(Source records)
=== Begin Enclosure ===

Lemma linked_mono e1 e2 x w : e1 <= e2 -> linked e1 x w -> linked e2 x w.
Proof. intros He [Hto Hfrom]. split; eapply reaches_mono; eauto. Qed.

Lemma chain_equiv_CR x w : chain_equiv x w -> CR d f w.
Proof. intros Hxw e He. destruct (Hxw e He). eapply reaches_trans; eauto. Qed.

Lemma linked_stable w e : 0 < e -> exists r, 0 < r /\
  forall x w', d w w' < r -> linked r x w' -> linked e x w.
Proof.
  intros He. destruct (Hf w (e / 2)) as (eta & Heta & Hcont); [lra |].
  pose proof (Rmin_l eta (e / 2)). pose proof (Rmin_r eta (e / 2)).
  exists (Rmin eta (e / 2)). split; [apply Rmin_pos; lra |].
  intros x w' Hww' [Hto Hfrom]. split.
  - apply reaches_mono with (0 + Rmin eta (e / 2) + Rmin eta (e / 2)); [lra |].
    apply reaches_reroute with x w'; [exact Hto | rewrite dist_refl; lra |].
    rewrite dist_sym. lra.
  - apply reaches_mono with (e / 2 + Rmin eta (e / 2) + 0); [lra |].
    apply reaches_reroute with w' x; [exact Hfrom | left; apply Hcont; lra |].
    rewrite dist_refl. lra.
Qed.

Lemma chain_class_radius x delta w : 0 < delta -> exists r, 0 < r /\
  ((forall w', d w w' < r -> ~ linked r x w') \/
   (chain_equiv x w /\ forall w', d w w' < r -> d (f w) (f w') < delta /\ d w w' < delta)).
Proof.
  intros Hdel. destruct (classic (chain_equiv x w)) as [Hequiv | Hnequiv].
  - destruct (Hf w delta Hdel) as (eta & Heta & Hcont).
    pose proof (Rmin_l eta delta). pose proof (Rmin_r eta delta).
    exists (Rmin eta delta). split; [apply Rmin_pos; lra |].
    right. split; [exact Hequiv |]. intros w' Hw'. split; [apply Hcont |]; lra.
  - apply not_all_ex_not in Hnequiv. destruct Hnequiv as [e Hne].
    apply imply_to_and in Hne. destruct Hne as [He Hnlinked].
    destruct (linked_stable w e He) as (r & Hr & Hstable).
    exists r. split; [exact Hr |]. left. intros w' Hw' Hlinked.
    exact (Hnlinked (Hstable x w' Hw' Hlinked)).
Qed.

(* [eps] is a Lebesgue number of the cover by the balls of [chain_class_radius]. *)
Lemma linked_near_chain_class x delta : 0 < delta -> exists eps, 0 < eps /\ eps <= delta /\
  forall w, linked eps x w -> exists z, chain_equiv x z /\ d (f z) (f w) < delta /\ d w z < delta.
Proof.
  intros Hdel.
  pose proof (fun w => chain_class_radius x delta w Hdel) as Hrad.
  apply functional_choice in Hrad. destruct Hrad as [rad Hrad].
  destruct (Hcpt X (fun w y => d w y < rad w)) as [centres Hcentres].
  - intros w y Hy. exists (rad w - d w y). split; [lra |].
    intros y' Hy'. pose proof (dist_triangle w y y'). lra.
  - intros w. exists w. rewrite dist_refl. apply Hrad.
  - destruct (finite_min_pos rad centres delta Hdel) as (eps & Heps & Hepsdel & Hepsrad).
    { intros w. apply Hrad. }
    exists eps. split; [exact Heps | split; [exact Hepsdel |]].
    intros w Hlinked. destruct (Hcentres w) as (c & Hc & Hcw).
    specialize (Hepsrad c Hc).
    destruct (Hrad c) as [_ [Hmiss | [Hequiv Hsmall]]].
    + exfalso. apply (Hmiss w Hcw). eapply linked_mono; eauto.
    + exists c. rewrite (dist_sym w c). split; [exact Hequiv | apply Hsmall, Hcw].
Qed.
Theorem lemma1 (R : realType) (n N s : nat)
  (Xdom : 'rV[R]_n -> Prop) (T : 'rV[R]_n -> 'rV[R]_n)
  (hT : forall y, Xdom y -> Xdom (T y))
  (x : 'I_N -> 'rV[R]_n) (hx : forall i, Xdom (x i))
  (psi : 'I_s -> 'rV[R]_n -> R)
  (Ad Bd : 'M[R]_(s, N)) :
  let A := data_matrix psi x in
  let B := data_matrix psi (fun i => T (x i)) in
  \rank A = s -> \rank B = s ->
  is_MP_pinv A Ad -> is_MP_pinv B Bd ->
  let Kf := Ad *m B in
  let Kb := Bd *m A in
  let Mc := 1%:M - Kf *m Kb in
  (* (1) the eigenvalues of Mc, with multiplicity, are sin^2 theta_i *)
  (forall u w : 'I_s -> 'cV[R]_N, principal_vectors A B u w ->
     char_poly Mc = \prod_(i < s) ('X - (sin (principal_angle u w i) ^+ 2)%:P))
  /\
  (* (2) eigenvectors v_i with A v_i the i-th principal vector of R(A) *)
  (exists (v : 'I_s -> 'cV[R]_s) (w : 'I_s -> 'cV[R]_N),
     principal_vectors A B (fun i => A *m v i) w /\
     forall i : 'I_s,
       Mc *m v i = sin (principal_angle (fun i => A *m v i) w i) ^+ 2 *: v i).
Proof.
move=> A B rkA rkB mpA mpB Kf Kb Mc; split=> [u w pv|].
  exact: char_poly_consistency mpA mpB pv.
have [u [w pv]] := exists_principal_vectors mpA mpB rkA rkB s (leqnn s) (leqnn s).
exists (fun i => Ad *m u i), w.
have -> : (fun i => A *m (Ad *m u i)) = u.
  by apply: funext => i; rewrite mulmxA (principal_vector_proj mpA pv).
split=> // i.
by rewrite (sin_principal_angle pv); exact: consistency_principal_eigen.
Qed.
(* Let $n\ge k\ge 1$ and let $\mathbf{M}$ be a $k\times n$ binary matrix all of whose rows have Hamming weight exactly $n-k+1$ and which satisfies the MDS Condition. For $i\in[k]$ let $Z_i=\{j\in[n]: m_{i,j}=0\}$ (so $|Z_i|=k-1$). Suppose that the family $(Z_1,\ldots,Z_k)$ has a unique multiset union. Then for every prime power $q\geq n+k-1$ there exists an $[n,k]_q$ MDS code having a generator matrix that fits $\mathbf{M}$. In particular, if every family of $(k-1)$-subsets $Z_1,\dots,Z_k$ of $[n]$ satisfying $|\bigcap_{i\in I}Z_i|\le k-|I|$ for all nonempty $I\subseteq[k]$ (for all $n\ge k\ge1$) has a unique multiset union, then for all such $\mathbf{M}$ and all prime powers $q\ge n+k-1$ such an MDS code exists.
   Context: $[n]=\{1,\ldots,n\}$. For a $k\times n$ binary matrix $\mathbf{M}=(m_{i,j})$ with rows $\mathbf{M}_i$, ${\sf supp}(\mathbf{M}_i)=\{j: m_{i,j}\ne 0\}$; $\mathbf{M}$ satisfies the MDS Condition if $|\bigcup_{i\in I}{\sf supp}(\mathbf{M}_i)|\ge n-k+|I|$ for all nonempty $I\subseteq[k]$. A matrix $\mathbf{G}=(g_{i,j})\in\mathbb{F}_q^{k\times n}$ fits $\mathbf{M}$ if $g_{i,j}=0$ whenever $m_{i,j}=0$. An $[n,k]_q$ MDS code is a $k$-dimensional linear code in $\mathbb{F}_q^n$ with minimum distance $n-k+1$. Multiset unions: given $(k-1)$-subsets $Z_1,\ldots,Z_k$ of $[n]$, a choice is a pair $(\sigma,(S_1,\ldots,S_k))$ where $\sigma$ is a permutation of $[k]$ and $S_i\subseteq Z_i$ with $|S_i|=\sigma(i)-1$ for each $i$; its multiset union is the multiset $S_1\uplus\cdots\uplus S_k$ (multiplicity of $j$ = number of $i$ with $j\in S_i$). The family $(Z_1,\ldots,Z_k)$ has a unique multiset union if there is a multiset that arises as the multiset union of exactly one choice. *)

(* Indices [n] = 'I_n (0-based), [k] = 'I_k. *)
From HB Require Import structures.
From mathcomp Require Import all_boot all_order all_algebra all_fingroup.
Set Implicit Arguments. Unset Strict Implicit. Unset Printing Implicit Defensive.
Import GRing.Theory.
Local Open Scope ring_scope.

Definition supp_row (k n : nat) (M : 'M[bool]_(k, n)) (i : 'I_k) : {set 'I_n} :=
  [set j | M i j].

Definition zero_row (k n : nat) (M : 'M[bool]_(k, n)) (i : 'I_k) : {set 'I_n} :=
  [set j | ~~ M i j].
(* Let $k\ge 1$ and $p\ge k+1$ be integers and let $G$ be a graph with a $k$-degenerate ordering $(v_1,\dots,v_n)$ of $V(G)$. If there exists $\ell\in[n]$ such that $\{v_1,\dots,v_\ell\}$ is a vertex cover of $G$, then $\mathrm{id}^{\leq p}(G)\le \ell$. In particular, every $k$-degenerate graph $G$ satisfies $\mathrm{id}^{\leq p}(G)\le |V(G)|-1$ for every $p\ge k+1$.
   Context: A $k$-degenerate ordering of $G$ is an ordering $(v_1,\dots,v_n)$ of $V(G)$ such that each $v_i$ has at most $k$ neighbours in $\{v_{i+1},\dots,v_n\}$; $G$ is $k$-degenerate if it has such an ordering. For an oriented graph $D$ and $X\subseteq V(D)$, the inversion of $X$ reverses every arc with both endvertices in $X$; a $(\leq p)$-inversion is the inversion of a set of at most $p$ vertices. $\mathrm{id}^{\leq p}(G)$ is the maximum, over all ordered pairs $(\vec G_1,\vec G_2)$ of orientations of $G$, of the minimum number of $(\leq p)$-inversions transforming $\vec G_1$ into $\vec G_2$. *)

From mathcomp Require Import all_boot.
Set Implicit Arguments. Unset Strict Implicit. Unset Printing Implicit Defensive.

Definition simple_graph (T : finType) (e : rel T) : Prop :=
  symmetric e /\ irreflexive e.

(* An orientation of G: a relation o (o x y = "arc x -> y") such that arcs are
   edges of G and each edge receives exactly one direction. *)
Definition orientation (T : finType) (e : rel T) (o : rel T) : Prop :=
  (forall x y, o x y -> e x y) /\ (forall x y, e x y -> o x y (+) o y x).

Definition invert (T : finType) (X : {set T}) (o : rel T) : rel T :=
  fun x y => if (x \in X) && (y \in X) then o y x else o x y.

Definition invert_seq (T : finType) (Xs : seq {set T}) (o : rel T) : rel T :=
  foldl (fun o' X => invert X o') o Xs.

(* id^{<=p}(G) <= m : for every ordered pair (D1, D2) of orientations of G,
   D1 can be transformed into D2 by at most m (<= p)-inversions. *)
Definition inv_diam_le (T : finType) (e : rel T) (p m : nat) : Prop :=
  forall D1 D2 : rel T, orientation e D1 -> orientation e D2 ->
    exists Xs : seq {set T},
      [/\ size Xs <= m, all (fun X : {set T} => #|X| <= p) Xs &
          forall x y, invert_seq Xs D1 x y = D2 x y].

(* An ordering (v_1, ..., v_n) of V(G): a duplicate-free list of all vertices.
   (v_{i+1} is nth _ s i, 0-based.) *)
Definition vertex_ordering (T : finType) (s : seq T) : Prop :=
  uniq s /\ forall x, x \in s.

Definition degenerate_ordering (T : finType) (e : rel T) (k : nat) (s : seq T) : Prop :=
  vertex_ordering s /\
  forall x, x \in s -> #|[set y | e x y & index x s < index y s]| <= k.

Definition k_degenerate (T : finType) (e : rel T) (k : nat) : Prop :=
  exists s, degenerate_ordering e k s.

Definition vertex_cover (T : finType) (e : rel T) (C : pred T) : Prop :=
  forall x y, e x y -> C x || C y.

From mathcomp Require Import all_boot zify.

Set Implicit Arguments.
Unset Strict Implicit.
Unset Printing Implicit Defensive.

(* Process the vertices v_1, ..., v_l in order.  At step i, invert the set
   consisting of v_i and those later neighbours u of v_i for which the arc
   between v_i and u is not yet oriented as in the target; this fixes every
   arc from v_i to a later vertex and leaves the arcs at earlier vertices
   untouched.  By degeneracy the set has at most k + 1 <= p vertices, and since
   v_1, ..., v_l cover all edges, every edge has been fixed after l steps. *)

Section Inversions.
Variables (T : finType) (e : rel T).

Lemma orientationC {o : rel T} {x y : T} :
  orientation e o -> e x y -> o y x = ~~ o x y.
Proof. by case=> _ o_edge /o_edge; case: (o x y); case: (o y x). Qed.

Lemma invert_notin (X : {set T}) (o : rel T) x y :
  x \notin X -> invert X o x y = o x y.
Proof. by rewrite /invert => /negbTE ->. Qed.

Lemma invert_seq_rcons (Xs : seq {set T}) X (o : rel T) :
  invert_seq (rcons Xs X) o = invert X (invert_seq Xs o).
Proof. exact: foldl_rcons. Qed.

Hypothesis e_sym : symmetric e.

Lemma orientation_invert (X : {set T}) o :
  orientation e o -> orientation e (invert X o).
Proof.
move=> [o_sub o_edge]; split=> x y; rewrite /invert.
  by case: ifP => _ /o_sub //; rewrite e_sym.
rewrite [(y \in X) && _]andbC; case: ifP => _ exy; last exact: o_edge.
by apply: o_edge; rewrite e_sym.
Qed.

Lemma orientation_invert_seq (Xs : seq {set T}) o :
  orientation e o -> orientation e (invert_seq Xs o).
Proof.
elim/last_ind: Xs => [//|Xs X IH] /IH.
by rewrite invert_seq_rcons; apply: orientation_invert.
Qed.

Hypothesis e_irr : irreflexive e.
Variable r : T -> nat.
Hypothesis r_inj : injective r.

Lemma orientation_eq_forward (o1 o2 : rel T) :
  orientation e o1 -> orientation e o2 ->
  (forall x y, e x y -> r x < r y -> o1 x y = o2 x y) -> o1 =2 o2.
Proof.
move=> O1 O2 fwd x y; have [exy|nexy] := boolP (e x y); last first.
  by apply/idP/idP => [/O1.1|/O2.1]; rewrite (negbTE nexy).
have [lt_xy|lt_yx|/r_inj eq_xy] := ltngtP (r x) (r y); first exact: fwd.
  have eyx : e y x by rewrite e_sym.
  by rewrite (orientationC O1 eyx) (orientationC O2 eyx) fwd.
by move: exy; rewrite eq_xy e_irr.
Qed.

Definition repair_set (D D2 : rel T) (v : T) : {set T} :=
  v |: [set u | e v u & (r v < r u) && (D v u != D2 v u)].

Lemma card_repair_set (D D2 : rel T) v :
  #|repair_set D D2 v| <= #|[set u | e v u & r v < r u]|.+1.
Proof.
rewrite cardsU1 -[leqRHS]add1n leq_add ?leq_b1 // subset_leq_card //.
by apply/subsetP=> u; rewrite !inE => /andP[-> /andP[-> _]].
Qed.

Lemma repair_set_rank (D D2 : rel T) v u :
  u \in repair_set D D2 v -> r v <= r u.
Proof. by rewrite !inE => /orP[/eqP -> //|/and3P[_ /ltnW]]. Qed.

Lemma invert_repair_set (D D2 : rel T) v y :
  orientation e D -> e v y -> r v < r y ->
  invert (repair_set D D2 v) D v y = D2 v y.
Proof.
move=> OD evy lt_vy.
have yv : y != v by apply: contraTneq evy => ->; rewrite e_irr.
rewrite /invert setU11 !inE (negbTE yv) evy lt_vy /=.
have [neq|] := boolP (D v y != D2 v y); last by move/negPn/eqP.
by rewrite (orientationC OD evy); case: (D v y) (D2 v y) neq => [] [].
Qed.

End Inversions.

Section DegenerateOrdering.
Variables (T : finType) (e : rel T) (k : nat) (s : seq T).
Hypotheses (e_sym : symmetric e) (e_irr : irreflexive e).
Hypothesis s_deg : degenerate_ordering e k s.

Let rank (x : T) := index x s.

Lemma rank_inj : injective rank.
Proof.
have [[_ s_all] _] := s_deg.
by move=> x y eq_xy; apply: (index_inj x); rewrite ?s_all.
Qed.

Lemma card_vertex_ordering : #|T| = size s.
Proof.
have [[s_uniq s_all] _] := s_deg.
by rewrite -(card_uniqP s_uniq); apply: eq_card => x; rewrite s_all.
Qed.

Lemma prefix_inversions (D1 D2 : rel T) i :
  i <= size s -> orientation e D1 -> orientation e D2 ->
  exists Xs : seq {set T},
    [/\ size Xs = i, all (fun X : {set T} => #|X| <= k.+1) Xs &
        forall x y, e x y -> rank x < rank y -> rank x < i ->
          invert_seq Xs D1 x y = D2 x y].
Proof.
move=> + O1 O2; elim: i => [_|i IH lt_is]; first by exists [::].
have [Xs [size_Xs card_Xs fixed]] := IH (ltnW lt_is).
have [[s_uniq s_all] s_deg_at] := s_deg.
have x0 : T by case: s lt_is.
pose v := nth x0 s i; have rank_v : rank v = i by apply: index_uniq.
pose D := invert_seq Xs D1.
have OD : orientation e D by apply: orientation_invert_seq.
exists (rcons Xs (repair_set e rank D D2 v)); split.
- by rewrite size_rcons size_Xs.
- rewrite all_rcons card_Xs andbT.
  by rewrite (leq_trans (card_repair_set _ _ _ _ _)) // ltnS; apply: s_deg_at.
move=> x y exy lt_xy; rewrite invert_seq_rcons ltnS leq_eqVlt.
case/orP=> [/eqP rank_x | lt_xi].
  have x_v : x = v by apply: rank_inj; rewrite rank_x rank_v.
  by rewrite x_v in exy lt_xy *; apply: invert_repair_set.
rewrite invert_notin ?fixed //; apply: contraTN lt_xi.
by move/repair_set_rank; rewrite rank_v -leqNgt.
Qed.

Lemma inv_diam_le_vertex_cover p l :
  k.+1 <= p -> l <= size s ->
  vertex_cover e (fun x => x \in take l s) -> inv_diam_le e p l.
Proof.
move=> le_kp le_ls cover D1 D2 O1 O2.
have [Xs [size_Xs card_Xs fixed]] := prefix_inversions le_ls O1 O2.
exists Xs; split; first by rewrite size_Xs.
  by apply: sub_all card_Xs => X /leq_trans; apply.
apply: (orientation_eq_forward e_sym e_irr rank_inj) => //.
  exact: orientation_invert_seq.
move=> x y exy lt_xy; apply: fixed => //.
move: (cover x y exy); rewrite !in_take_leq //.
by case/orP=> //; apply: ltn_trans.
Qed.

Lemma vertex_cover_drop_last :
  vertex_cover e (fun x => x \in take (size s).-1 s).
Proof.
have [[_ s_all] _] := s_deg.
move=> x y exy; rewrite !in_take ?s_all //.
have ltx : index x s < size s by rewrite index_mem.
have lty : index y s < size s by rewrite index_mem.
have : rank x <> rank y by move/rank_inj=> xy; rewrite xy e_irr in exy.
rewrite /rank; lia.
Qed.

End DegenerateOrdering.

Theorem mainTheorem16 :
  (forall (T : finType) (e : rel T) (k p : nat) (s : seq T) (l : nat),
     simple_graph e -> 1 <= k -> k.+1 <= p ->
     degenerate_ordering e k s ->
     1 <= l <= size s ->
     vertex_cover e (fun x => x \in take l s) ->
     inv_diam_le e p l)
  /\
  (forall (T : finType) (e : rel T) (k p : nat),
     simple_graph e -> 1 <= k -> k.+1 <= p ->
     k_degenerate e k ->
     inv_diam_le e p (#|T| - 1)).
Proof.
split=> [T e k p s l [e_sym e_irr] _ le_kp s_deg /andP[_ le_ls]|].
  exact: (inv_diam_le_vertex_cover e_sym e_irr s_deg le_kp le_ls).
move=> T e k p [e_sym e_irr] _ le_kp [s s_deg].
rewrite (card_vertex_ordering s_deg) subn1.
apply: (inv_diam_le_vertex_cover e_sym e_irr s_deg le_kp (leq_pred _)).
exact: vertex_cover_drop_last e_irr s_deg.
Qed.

=== End Enclosure ===

In the records, how many lines include the string "satisfies"? The answer is that number alone.

3